В просто оглушительной тишине я с поразительной четкостью услышала, как пресеклось дыхание Игоря, а потом он так резко втянул в себя воздух, будто до этого в его легких был вакуум. Его грудная клетка расширилась, и от этого наш контакт стал еще ощутимей. Одна рука Рамзина резко оказалась на моем затылке, и он на секунду вжал меня еще ближе, и грохот его сердцебиения буквально оглушил меня. А может, это мое собственное сердце взбесилось и понеслось, как камнепад в горах, собираясь окончательно размазать жалкие остатки разумных мыслей.
Четко отдавая себе команду немедленно прекратить это безобразие, я прижалась к Рамзину еще теснее, вдыхая коротко и прерывисто, желая никогда не выпускать обратно захваченный запах этого мужчины.
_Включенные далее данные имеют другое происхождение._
(* Assume $\gamma$-separability. Fix $h\in\{2,\dots,H+1\}$ and let $\nu$ be a distribution on $\mathcal{S}_{h-1}\times\mathcal{A}$ with $\nu(s,a)\ge\tau$ for all $(s,a)\in\mathcal{S}_{h-1}\times\mathcal{A}$, where $\tau>0$. Then for any distinct $s_1',s_2'\in\mathcal{S}_h$ (each reachable from some pair in $\mathcal{S}_{h-1}\times\mathcal{A}$), $$\|\mathbf{b}_\nu(s_1')-\mathbf{b}_\nu(s_2')\|_1\ge\frac{\tau\gamma}{2}.$$
   Context: In a block MDP with finite latent levels $\mathcal{S}_1,\dots,\mathcal{S}_{H+1}$, finite action set $\mathcal{A}$ with $|\mathcal{A}|=K$, $|\mathcal{S}_h|\le M$, and transition kernel $p(s'\mid s,a)$ (with $p(\cdot\mid s,a)$ supported on $\mathcal{S}_{h}$ for $s\in\mathcal{S}_{h-1}$): for a distribution $\nu$ on $\mathcal{S}_{h-1}\times\mathcal{A}$ and $s'\in\mathcal{S}_h$, $b_\nu(s,a\mid s')=\frac{p(s'\mid s,a)\nu(s,a)}{\sum_{\tilde s,\tilde a}p(s'\mid\tilde s,\tilde a)\nu(\tilde s,\tilde a)}$, and $\mathbf{b}_\nu(s')\in\mathbb{R}^{MK}$ is the vector of these values indexed by $(s,a)\in\mathcal{S}_{h-1}\times\mathcal{A}$, zero-padded. $\gamma$-separability: there is $\gamma>0$ such that for every $h\in\{2,\dots,H+1\}$ and distinct $s',s''\in\mathcal{S}_h$, $\|\mathbf{b}_U(s')-\mathbf{b}_U(s'')\|_1\ge\gamma$, where $U$ is the uniform distribution on $\mathcal{S}_{h-1}\times\mathcal{A}$. *)

From HB Require Import structures.
From mathcomp Require Import all_boot all_order all_algebra.
Set Implicit Arguments. Unset Strict Implicit. Unset Printing Implicit Defensive.
Import Order.TTheory GRing.Theory Num.Theory.
Local Open Scope ring_scope.

(* Convention: the latent levels are S 1, ..., S (H+1) (S : nat -> finType);
   p k s a s' is the transition probability p(s' | s, a) from s : S k to
   s' : S k.+1.  The paper's level h corresponds to k.+1 here (k = h - 1). *)

Section BlockMDP.
Variables (R : realFieldType) (S : nat -> finType) (A : finType).
Variable p : forall k : nat, S k -> A -> S k.+1 -> R.

Definition bwd (k : nat) (nu : S k -> A -> R) (s' : S k.+1) (s : S k) (a : A) : R :=
  p s a s' * nu s a / (\sum_(t : S k) \sum_(c : A) p t c s' * nu t c).

(* ||b_nu(s1') - b_nu(s2')||_1 : l1 norm of the (zero-padded) vectors
   indexed by S k x A; the padding coordinates contribute 0. *)
Definition bdist (k : nat) (nu : S k -> A -> R) (s1 s2 : S k.+1) : R :=
  \sum_(s : S k) \sum_(a : A) `|bwd nu s1 s a - bwd nu s2 s a|.

Definition unif (k : nat) : S k -> A -> R :=
  fun _ _ => (#|S k| * #|A|)%:R^-1.

Definition reachable (k : nat) (s' : S k.+1) : Prop :=
  exists (s : S k) (a : A), 0 < p s a s'.

Definition is_kernel (H : nat) : Prop :=
  forall k, (1 <= k <= H)%N ->
    (forall (s : S k) (a : A) (s' : S k.+1), 0 <= p s a s') /\ (forall s a, \sum_(s' : S k.+1) p s a s' = 1).

Definition separable (H : nat) (gamma : R) : Prop :=
  0 < gamma /\
  forall k, (1 <= k <= H)%N -> forall s1 s2 : S k.+1,
    s1 != s2 -> reachable s1 -> reachable s2 -> gamma <= bdist (@unif k) s1 s2.

Definition is_distr (k : nat) (nu : S k -> A -> R) : Prop :=
  (forall s a, 0 <= nu s a) /\ \sum_(s : S k) \sum_(a : A) nu s a = 1.

End BlockMDP.

(* The backward distribution b_nu(s') is the normalisation of the column
   P(s,a) := p(s' | s,a) reweighted by nu, and b_U(s') is the normalisation of
   P itself because U is constant.  So it suffices to show that reweighting two
   probability vectors x, y by weights nu in [tau, 1] and renormalising shrinks
   their l1 distance by at most the factor tau / 2.  If be := <y, nu> <= <x, nu>
   =: al and c := be / al, then the reweighted difference is, coordinatewise,
   nu / be * (c x - y), of total mass at least tau * sum |c x - y|; on the other
   hand sum |x - y| <= (1 - c) + sum |c x - y| <= 2 sum |c x - y|. *)

From HB Require Import structures.
From mathcomp Require Import all_boot all_order all_algebra.
From mathcomp Require Import ring lra.
Set Implicit Arguments. Unset Strict Implicit. Unset Printing Implicit Defensive.
Import Order.TTheory GRing.Theory Num.Theory.
Local Open Scope ring_scope.

Section Normalize.
Variables (R : realFieldType) (T : finType).
Implicit Types (x y P nu : T -> R) (c tau : R).

Definition normalize x : T -> R := fun i => x i / \sum_j x j.

Definition l1dist x y : R := \sum_i `|x i - y i|.

Lemma l1distC x y : l1dist x y = l1dist y x.
Proof. by apply: eq_bigr => i _; rewrite distrC. Qed.

Lemma eq_l1dist x x' y y' :
  x =1 x' -> y =1 y' -> l1dist x y = l1dist x' y'.
Proof. by move=> ex ey; apply: eq_bigr => i _; rewrite ex ey. Qed.

Lemma ler_term_sum x i : (forall j, 0 <= x j) -> x i <= \sum_j x j.
Proof. by move=> x0; rewrite (bigD1 i) //= lerDl sumr_ge0. Qed.

Lemma eq_normalize x y : x =1 y -> normalize x =1 normalize y.
Proof. by move=> exy i; rewrite /normalize exy (eq_bigr _ (fun j _ => exy j)). Qed.

Lemma normalizeZ c x : c != 0 -> normalize (fun i => c * x i) =1 normalize x.
Proof.
move=> c0 i; rewrite /normalize -mulr_sumr invfM.
by rewrite mulrACA divff // mul1r.
Qed.

Lemma normalize_ge0 x i : (forall j, 0 <= x j) -> 0 <= normalize x i.
Proof. by move=> x0; rewrite divr_ge0 ?sumr_ge0. Qed.

Lemma sum_normalize x : \sum_j x j != 0 -> \sum_i normalize x i = 1.
Proof. by move=> sx0; rewrite -mulr_suml divff. Qed.

Lemma weighted_sum_ge y nu tau :
  (forall i, 0 <= y i) -> \sum_i y i = 1 -> (forall i, tau <= nu i) ->
  tau <= \sum_i y i * nu i.
Proof.
move=> y0 sy tau_nu; rewrite -[tau]mulr1 -sy mulr_sumr.
by apply: ler_sum => i _; rewrite mulrC ler_wpM2l.
Qed.

Lemma weighted_sum_le1 y nu :
  (forall i, 0 <= y i) -> \sum_i y i = 1 -> (forall i, nu i <= 1) ->
  \sum_i y i * nu i <= 1.
Proof.
move=> y0 sy nu1; rewrite -sy; apply: ler_sum => i _.
by rewrite -[leRHS]mulr1 ler_wpM2l.
Qed.

Section ProbabilityVectors.
Variables (x y nu : T -> R) (tau : R).
Hypotheses (x0 : forall i, 0 <= x i) (y0 : forall i, 0 <= y i).
Hypotheses (sx : \sum_i x i = 1) (sy : \sum_i y i = 1).
Hypotheses (tau0 : 0 < tau) (tau_nu : forall i, tau <= nu i).
Hypothesis (nu1 : forall i, nu i <= 1).

Let al := \sum_i x i * nu i.
Let be := \sum_i y i * nu i.
Let c := be / al.

Lemma l1dist_le_scaled_mismatch :
  c <= 1 -> l1dist x y <= 2 * \sum_i `|c * x i - y i|.
Proof.
move=> c1; set Sm := \sum_i _.
have mass_gap : 1 - c <= Sm.
  have -> : 1 - c = \sum_i (y i - c * x i).
    by rewrite sumrB -mulr_sumr sx sy mulr1.
  by apply: ler_sum => i _; rewrite distrC ler_norm.
suff : l1dist x y <= (1 - c) + Sm by lra.
have -> : 1 - c = \sum_i (1 - c) * x i by rewrite -mulr_sumr sx mulr1.
rewrite -big_split /=; apply: ler_sum => i _.
have -> : x i - y i = (1 - c) * x i + (c * x i - y i) by ring.
by apply: (le_trans (ler_normD _ _)); rewrite ger0_norm ?mulr_ge0 ?subr_ge0.
Qed.

Lemma normalize_weighted_diff i :
  0 < al -> 0 < be ->
  normalize (fun j => x j * nu j) i - normalize (fun j => y j * nu j) i
  = nu i / be * (c * x i - y i).
Proof.
by move=> al0 be0; rewrite /normalize -/al -/be /c; field; rewrite !lt0r_neq0.
Qed.

Lemma l1dist_reweight_le : be <= al ->
  tau * l1dist x y / 2 <=
  l1dist (normalize (fun i => x i * nu i)) (normalize (fun i => y i * nu i)).
Proof.
move=> le_be_al.
have tau_be : tau <= be by apply: weighted_sum_ge.
have be1 : be <= 1 by apply: weighted_sum_le1.
have be0 : 0 < be := lt_le_trans tau0 tau_be.
have al0 : 0 < al := lt_le_trans be0 le_be_al.
have c1 : c <= 1 by rewrite ler_pdivrMr // mul1r.
set Sm := \sum_i `|c * x i - y i|.
have Sm0 : 0 <= Sm by rewrite sumr_ge0.
apply: (@le_trans _ _ (tau * Sm)).
  rewrite -mulrA ler_pM2l // ler_pdivrMr // mulrC.
  exact: l1dist_le_scaled_mismatch.
apply: (@le_trans _ _ (tau / be * Sm)).
  apply: ler_wpM2r => //; rewrite ler_pdivlMr //.
  by apply: ler_piMr => //; exact: ltW.
rewrite /l1dist mulr_sumr; apply: ler_sum => i _.
have nu_be_ge0 : 0 <= nu i / be by rewrite divr_ge0 ?ltW // (lt_le_trans tau0).
rewrite normalize_weighted_diff // normrM ger0_norm //.
apply: ler_wpM2r => //; apply: ler_wpM2r => //.
by rewrite invr_ge0 ltW.
Qed.

End ProbabilityVectors.

Lemma l1dist_reweight_prob x y nu tau :
  (forall i, 0 <= x i) -> (forall i, 0 <= y i) ->
  \sum_i x i = 1 -> \sum_i y i = 1 ->
  0 < tau -> (forall i, tau <= nu i) -> (forall i, nu i <= 1) ->
  tau * l1dist x y / 2 <=
  l1dist (normalize (fun i => x i * nu i)) (normalize (fun i => y i * nu i)).
Proof.
move=> x0 y0 sx sy tau0 tau_nu nu1.
have [le_yx | lt_xy] := lerP (\sum_i y i * nu i) (\sum_i x i * nu i).
  exact: l1dist_reweight_le.
by rewrite l1distC [X in _ <= X]l1distC l1dist_reweight_le // ltW.
Qed.

Lemma normalize_reweight_normalize P nu : \sum_j P j != 0 ->
  normalize (fun i => normalize P i * nu i) =1 normalize (fun i => P i * nu i).
Proof.
move=> sP0 i; rewrite -(normalizeZ (fun i => P i * nu i) (invr_neq0 sP0) i).
by apply: eq_normalize => j; rewrite /normalize mulrAC mulrC.
Qed.

Lemma l1dist_reweight P1 P2 nu tau :
  (forall i, 0 <= P1 i) -> (forall i, 0 <= P2 i) ->
  0 < \sum_i P1 i -> 0 < \sum_i P2 i ->
  0 < tau -> (forall i, tau <= nu i) -> (forall i, nu i <= 1) ->
  tau * l1dist (normalize P1) (normalize P2) / 2 <=
  l1dist (normalize (fun i => P1 i * nu i)) (normalize (fun i => P2 i * nu i)).
Proof.
move=> P10 P20 sP1 sP2 tau0 tau_nu nu1.
rewrite -(eq_l1dist (normalize_reweight_normalize nu (lt0r_neq0 sP1))
                   (normalize_reweight_normalize nu (lt0r_neq0 sP2))).
by apply: l1dist_reweight_prob => // [i|i||];
  rewrite ?normalize_ge0 ?sum_normalize ?lt0r_neq0.
Qed.

End Normalize.

Section BackwardDistribution.
Variables (R : realFieldType) (S : nat -> finType) (A : finType).
Variable p : forall k : nat, S k -> A -> S k.+1 -> R.

Lemma bdistE k (nu : S k -> A -> R) (s1 s2 : S k.+1) :
  bdist p nu s1 s2 =
  l1dist (normalize (fun u : S k * A => p u.1 u.2 s1 * nu u.1 u.2))
         (normalize (fun u : S k * A => p u.1 u.2 s2 * nu u.1 u.2)).
Proof. by rewrite /bdist /bwd /l1dist /normalize !pair_bigA. Qed.

Lemma bdist_unif k (s1 s2 : S k.+1) : reachable p s1 ->
  bdist p (unif R (S:=S) (A:=A) (k:=k)) s1 s2 =
  l1dist (normalize (fun u : S k * A => p u.1 u.2 s1))
         (normalize (fun u : S k * A => p u.1 u.2 s2)).
Proof.
move=> [s [a _]]; rewrite bdistE.
have unif_neq0 : (#|S k| * #|A|)%:R^-1 != 0 :> R.
  by rewrite invr_eq0 pnatr_eq0 muln_eq0 negb_or -!lt0n; apply/andP; split;
    apply/card_gt0P; [exists s | exists a].
by apply: eq_l1dist => u; rewrite -[in RHS](normalizeZ _ unif_neq0);
  apply: eq_normalize => v; rewrite mulrC.
Qed.

Lemma sum_column_gt0 k (s' : S k.+1) :
  (forall s a, 0 <= p s a s') -> reachable p s' ->
  0 < \sum_(u : S k * A) p u.1 u.2 s'.
Proof.
move=> p_ge0 [s [a p_pos]]; apply: lt_le_trans p_pos _.
by apply: (@ler_term_sum _ _ (fun u : S k * A => p u.1 u.2 s') (s, a)) => -[].
Qed.

Lemma distr_le1 k (nu : S k -> A -> R) s a : is_distr nu -> nu s a <= 1.
Proof.
move=> [nu_ge0 <-]; rewrite pair_bigA.
by apply: (@ler_term_sum _ _ (fun u : S k * A => nu u.1 u.2) (s, a)) => -[].
Qed.

End BackwardDistribution.

Theorem lemma6 (R : realFieldType) (S : nat -> finType) (A : finType)
    (H M K : nat) (p : forall k : nat, S k -> A -> S k.+1 -> R) (gamma : R)
    (hA : #|A| = K) (hM : forall k, (1 <= k <= H.+1)%N -> (#|S k| <= M)%N)
    (hp : is_kernel p H) (hsep : separable p H gamma)
    (k : nat) (hk : (1 <= k <= H)%N)
    (nu : S k -> A -> R) (tau : R) (htau : 0 < tau)
    (hnu : is_distr nu) (hnutau : forall s a, tau <= nu s a)
    (s1 s2 : S k.+1) (hs12 : s1 != s2)
    (hr1 : reachable p s1) (hr2 : reachable p s2) :
  tau * gamma / 2 <= bdist p nu s1 s2.
Proof.
have [p_ge0 _] := hp k hk.
have [_ sep] := hsep.
have := sep k hk s1 s2 hs12 hr1 hr2; rewrite bdist_unif // => sep12.
rewrite bdistE; apply: le_trans (l1dist_reweight _ _ _ _ htau _ _) => //.
- apply: ler_wpM2r; first by rewrite invr_ge0.
  by apply: ler_wpM2l => //; exact: ltW.
- exact: sum_column_gt0.
- exact: sum_column_gt0.
- by move=> u; exact: distr_le1 hnu.
Qed.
Вот сейчас я оттолкну его, возьму себя в руки и вспомню, что делать, то что я прямо сейчас делаю — редчайшая тупость с моей стороны. Давай, ну! Сейчас же! Немедленно! Но вместо этого руки, уже не подконтрольные мозгу, скользнули по гладкой коже мужского торса, и меня реально накрыло от потребности, в прямом смысле скуля от невесть откуда взявшейся тоски, облапать, общупать каждый сантиметр сокращающихся под моими оголодавшими пальцами мускулов. Провести чувственную ревизию этой территории не только руками, но и ртом. Обследовать, вспомнить, сравнить — так ли все, как я запомнила. Вцепиться жадно в эту роскошную мускулистую плоть и заявить свои собственные права. Я резко подняла голову, пугаясь чего-то могучего и примитивного, что вскинулось внутри, требуя наброситься на этого мужчину и получить бесспорное подтверждение, что это моё. Глаза жадно обежали покрытый едва заметной щетиной подбородок и скулы, зацепились за губы Игоря, от вида которых конвульсивно сжались мышцы внутри, и соскользнули на его шею, ловя судорожное движение кадыка при сглатывании.
— Яна-а! — его хриплый голос, как самое последнее предупреждение из возможных. Никогда раньше он не звучал так. Не соблазняя и приказывая, как всегда, а словно давая шанс, предостерегая, что вот сейчас мы пересечем черту, за которой остановка будет уже просто невозможна.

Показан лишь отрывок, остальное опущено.